This tutorial will cover a boilerplate RNAseq analysis using Salmon psuedo-alignment of illumina generated paired-end reads to the Arabidopsis thaliana transcriptome. While running this tutorial line-by-line can be a useful to learn the various data transformation steps, some things, such as for loops and variable storage are a little awkward to run line-by-line in a terminal. Therefore, here is a link to the bash script and the R script to make it a little easier to follow along.
Statistical analysis of alignment data (R and edgeR)
The data cleaning step of this tutorial is broadly applicable to any workflow. Once the data is cleaned, there are many ways to proceed with alignment. Here we use Salmon, a very efficient alignment program.
Setting up your environment
This tutorial uses open-source bioinformatics tools and R.
Installing the tools
We will install our tools using conda. I have included a conda environment yml, to get things up and running quickly. Skip this step if these programs are already available to you or if you wish to install them nativly.

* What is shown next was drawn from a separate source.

(* Let $\mathbf V$ be a locally finite variety of monoids, let $A=\{a_1,\dots,a_d\}$ be a finite alphabet, let $\sim$ be the congruence on $A^*$ given by the identities of $\mathbf V$ (so $A^*/{\sim}$ is the free monoid in $\mathbf V$ over $A$), and let $\sim_1$ be the analogous congruence on $A^*$ for the variety of monoids corresponding to $\mathsf{BPol}_1(\mathcal V)$ (so $A^*/{\sim_1}$ is the free monoid over $A$ in that variety). Define $$\xi:A^*\to (A^*/{\sim}\ \Diamond\ A^*/{\sim})^d,\qquad u\mapsto(\mu_{a_1}(u),\dots,\mu_{a_d}(u)),$$ where each $\mu_{a_i}$ is built from $\varphi=\psi=$ the canonical projection $A^*\to A^*/{\sim}$. Then $\xi(A^* )$ is isomorphic to $A^*/{\sim_1}$. In particular, if $|A^*/{\sim}|=n$, then $|A^*/{\sim_1}|\leq n2^{dn^2}$.
   Context: $\mathcal V$ denotes the variety of languages corresponding (via Eilenberg's correspondence) to the pseudovariety of finite monoids in $\mathbf V$: a language $L\subseteq A^*$ lies in $\mathcal V(A)$ iff its syntactic monoid belongs to $\mathbf V$. $\mathsf{BPol}_1(\mathcal V)(A)$ is the class of all Boolean combinations of languages $L_0$ and $L_0bL_1$ with $L_0,L_1\in\mathcal V(A)$, $b\in A$; it is a variety of languages, and $A^*/{\sim_1}$ is the free monoid over $A$ in the corresponding variety of monoids, i.e. the smallest monoid recognizing all languages of $\mathsf{BPol}_1(\mathcal V)(A)$. For finite monoids $M,N$, the Schützenberger product $M\Diamond N$ is the set of $2\times2$ matrices $P$ with $P_{1,1}\in M$, $P_{2,2}\in N$, $P_{2,1}=\emptyset$, $P_{1,2}\subseteq M\times N$, with multiplication $(PQ)_{1,1}=P_{1,1}Q_{1,1}$, $(PQ)_{2,2}=P_{2,2}Q_{2,2}$, $(PQ)_{1,2}=\{(P_{1,1}x,y)\mid (x,y)\in Q_{1,2}\}\cup\{(z,tQ_{2,2})\mid (z,t)\in P_{1,2}\}$. Given homomorphisms $\varphi:A^*\to M$, $\psi:A^*\to N$ and $b\in A$, $\mu_b:A^*\to M\Diamond N$ is defined by $(\mu_b(u))_{1,1}=\varphi(u)$, $(\mu_b(u))_{2,2}=\psi(u)$, $(\mu_b(u))_{1,2}=\{(\varphi(u'),\psi(u''))\mid u=u'bu'',\ u',u''\in A^*\}$. *)

From mathcomp Require Import all_boot.
Set Implicit Arguments. Unset Strict Implicit. Unset Printing Implicit Defensive.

If you go the conda route, download the conda environment yml and install the environment.
If you don’t have R and R-studio installed, get it installed.
one last thing to download…
Finally, there is a python script from the Harvard Bioinformatics team which is useful here. Download the python script and place it in the working directory you have chosen to use for this tutorial.
If you wish to make all of this code run without editing it, you can simply set the $cName, $tName and $threads string variables in your bash session. These variables are for your control read names, treatment read names and the number of threads you want to use for the analysis. Here, we will simply cName our data cDA2 and tName tDA2. The thread number is set to 20 here, for use on 24 core machines to give you some headroom for using the computer while the analysis is running.
reps
Set this variable as an array of your replicate measurements. For nearly every command in the following section, we will be using a for loop to run each command on all of the replicates. In our example, we will have 3.
Data Acquisition & Cleaning
Get data (or use your own)
First we need to download our data. For this we will use Sequence Reach Archive Tools.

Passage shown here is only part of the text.